** Extracted data follows **
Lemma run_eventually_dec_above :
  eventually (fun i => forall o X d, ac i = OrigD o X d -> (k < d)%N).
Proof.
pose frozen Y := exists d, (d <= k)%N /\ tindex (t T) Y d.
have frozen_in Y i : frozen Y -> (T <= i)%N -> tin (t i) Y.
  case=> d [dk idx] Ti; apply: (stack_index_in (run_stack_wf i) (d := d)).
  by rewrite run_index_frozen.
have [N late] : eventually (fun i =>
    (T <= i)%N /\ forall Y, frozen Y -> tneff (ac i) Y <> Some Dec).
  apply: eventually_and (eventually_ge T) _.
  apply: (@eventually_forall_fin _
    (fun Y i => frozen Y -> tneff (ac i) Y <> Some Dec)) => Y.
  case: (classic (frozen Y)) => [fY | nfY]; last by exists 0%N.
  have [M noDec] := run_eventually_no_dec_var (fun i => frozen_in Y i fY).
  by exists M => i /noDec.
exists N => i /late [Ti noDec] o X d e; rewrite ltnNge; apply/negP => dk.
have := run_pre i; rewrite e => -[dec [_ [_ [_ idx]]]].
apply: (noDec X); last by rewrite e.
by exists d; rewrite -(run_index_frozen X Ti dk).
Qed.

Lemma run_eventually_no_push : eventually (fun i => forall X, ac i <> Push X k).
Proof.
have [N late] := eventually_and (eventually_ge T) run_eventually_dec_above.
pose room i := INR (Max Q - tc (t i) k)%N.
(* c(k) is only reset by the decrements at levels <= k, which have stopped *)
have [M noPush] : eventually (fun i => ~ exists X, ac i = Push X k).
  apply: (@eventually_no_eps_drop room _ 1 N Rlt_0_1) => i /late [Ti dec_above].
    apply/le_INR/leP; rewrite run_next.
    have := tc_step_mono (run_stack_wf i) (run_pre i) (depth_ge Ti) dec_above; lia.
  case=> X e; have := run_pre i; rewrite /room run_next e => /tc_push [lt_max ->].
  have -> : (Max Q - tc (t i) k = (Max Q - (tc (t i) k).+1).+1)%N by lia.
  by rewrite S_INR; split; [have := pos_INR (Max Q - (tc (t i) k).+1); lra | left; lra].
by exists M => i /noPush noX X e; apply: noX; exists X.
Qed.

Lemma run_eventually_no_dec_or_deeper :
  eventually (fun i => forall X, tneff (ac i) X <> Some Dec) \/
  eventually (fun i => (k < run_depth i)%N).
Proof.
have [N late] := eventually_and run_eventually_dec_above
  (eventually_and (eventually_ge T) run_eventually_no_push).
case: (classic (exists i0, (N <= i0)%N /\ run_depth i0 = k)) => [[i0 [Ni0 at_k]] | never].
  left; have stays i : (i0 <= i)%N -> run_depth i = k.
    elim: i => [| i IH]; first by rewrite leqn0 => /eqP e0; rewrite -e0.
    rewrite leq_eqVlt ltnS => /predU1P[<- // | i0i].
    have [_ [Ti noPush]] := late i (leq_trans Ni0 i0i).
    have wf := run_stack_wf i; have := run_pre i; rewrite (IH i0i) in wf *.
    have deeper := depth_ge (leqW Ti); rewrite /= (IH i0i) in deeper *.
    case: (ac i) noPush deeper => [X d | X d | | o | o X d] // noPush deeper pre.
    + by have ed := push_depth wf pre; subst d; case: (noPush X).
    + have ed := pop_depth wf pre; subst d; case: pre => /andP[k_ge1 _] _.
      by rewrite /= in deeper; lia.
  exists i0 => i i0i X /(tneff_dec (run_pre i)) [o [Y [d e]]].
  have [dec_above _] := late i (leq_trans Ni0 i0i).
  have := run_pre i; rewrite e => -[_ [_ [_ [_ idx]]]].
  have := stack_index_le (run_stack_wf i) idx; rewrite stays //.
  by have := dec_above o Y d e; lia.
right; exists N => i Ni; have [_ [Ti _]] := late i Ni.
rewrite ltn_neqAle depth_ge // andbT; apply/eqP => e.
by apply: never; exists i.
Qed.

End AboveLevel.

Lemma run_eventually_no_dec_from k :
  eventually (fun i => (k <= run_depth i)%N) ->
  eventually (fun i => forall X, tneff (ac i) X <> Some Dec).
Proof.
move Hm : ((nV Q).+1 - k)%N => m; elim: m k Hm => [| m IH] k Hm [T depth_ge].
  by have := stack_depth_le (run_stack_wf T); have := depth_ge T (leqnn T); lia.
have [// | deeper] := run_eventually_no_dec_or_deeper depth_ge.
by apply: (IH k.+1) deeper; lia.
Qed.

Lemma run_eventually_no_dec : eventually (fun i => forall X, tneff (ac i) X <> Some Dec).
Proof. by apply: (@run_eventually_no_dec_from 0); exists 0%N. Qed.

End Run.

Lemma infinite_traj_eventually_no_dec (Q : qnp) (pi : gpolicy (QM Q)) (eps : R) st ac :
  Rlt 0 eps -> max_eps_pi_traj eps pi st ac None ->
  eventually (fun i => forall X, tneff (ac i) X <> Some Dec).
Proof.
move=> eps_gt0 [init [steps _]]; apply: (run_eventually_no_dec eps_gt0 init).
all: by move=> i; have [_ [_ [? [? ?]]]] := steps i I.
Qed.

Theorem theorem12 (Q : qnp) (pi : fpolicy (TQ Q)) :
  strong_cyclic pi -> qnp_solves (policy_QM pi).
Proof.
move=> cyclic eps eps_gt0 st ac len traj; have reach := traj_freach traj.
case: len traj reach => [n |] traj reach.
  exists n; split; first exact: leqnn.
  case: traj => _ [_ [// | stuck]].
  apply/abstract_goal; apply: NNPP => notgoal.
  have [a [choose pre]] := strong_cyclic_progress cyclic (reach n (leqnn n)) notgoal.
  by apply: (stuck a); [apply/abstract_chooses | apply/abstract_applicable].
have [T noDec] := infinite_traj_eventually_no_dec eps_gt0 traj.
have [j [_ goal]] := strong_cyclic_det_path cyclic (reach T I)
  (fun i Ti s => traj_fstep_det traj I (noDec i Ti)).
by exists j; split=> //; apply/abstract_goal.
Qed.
** End of Extracted data **
■ **Task statement**
With no line skipped, copy the entries exactly as written.

■ **Task solution**
Lemma run_eventually_dec_above :
  eventually (fun i => forall o X d, ac i = OrigD o X d -> (k < d)%N).
Proof.
pose frozen Y := exists d, (d <= k)%N /\ tindex (t T) Y d.
have frozen_in Y i : frozen Y -> (T <= i)%N -> tin (t i) Y.
  case=> d [dk idx] Ti; apply: (stack_index_in (run_stack_wf i) (d := d)).
  by rewrite run_index_frozen.
have [N late] : eventually (fun i =>
    (T <= i)%N /\ forall Y, frozen Y -> tneff (ac i) Y <> Some Dec).
  apply: eventually_and (eventually_ge T) _.
  apply: (@eventually_forall_fin _
    (fun Y i => frozen Y -> tneff (ac i) Y <> Some Dec)) => Y.
  case: (classic (frozen Y)) => [fY | nfY]; last by exists 0%N.
  have [M noDec] := run_eventually_no_dec_var (fun i => frozen_in Y i fY).
  by exists M => i /noDec.
exists N => i /late [Ti noDec] o X d e; rewrite ltnNge; apply/negP => dk.
have := run_pre i; rewrite e => -[dec [_ [_ [_ idx]]]].
apply: (noDec X); last by rewrite e.
by exists d; rewrite -(run_index_frozen X Ti dk).
Qed.

Lemma run_eventually_no_push : eventually (fun i => forall X, ac i <> Push X k).
Proof.
have [N late] := eventually_and (eventually_ge T) run_eventually_dec_above.
pose room i := INR (Max Q - tc (t i) k)%N.
(* c(k) is only reset by the decrements at levels <= k, which have stopped *)
have [M noPush] : eventually (fun i => ~ exists X, ac i = Push X k).
  apply: (@eventually_no_eps_drop room _ 1 N Rlt_0_1) => i /late [Ti dec_above].
    apply/le_INR/leP; rewrite run_next.
    have := tc_step_mono (run_stack_wf i) (run_pre i) (depth_ge Ti) dec_above; lia.
  case=> X e; have := run_pre i; rewrite /room run_next e => /tc_push [lt_max ->].
  have -> : (Max Q - tc (t i) k = (Max Q - (tc (t i) k).+1).+1)%N by lia.
  by rewrite S_INR; split; [have := pos_INR (Max Q - (tc (t i) k).+1); lra | left; lra].
by exists M => i /noPush noX X e; apply: noX; exists X.
Qed.

Lemma run_eventually_no_dec_or_deeper :
  eventually (fun i => forall X, tneff (ac i) X <> Some Dec) \/
  eventually (fun i => (k < run_depth i)%N).
Proof.
have [N late] := eventually_and run_eventually_dec_above
  (eventually_and (eventually_ge T) run_eventually_no_push).
case: (classic (exists i0, (N <= i0)%N /\ run_depth i0 = k)) => [[i0 [Ni0 at_k]] | never].
  left; have stays i : (i0 <= i)%N -> run_depth i = k.
    elim: i => [| i IH]; first by rewrite leqn0 => /eqP e0; rewrite -e0.
    rewrite leq_eqVlt ltnS => /predU1P[<- // | i0i].
    have [_ [Ti noPush]] := late i (leq_trans Ni0 i0i).
    have wf := run_stack_wf i; have := run_pre i; rewrite (IH i0i) in wf *.
    have deeper := depth_ge (leqW Ti); rewrite /= (IH i0i) in deeper *.
    case: (ac i) noPush deeper => [X d | X d | | o | o X d] // noPush deeper pre.
    + by have ed := push_depth wf pre; subst d; case: (noPush X).
    + have ed := pop_depth wf pre; subst d; case: pre => /andP[k_ge1 _] _.
      by rewrite /= in deeper; lia.
  exists i0 => i i0i X /(tneff_dec (run_pre i)) [o [Y [d e]]].
  have [dec_above _] := late i (leq_trans Ni0 i0i).
  have := run_pre i; rewrite e => -[_ [_ [_ [_ idx]]]].
  have := stack_index_le (run_stack_wf i) idx; rewrite stays //.
  by have := dec_above o Y d e; lia.
right; exists N => i Ni; have [_ [Ti _]] := late i Ni.
rewrite ltn_neqAle depth_ge // andbT; apply/eqP => e.
by apply: never; exists i.
Qed.

End AboveLevel.

Lemma run_eventually_no_dec_from k :
  eventually (fun i => (k <= run_depth i)%N) ->
  eventually (fun i => forall X, tneff (ac i) X <> Some Dec).
Proof.
move Hm : ((nV Q).+1 - k)%N => m; elim: m k Hm => [| m IH] k Hm [T depth_ge].
  by have := stack_depth_le (run_stack_wf T); have := depth_ge T (leqnn T); lia.
have [// | deeper] := run_eventually_no_dec_or_deeper depth_ge.
by apply: (IH k.+1) deeper; lia.
Qed.

Lemma run_eventually_no_dec : eventually (fun i => forall X, tneff (ac i) X <> Some Dec).
Proof. by apply: (@run_eventually_no_dec_from 0); exists 0%N. Qed.

End Run.

Lemma infinite_traj_eventually_no_dec (Q : qnp) (pi : gpolicy (QM Q)) (eps : R) st ac :
  Rlt 0 eps -> max_eps_pi_traj eps pi st ac None ->
  eventually (fun i => forall X, tneff (ac i) X <> Some Dec).
Proof.
move=> eps_gt0 [init [steps _]]; apply: (run_eventually_no_dec eps_gt0 init).
all: by move=> i; have [_ [_ [? [? ?]]]] := steps i I.
Qed.

Theorem theorem12 (Q : qnp) (pi : fpolicy (TQ Q)) :
  strong_cyclic pi -> qnp_solves (policy_QM pi).
Proof.
move=> cyclic eps eps_gt0 st ac len traj; have reach := traj_freach traj.
case: len traj reach => [n |] traj reach.
  exists n; split; first exact: leqnn.
  case: traj => _ [_ [// | stuck]].
  apply/abstract_goal; apply: NNPP => notgoal.
  have [a [choose pre]] := strong_cyclic_progress cyclic (reach n (leqnn n)) notgoal.
  by apply: (stuck a); [apply/abstract_chooses | apply/abstract_applicable].
have [T noDec] := infinite_traj_eventually_no_dec eps_gt0 traj.
have [j [_ goal]] := strong_cyclic_det_path cyclic (reach T I)
  (fun i Ti s => traj_fstep_det traj I (noDec i Ti)).
by exists j; split=> //; apply/abstract_goal.
Qed.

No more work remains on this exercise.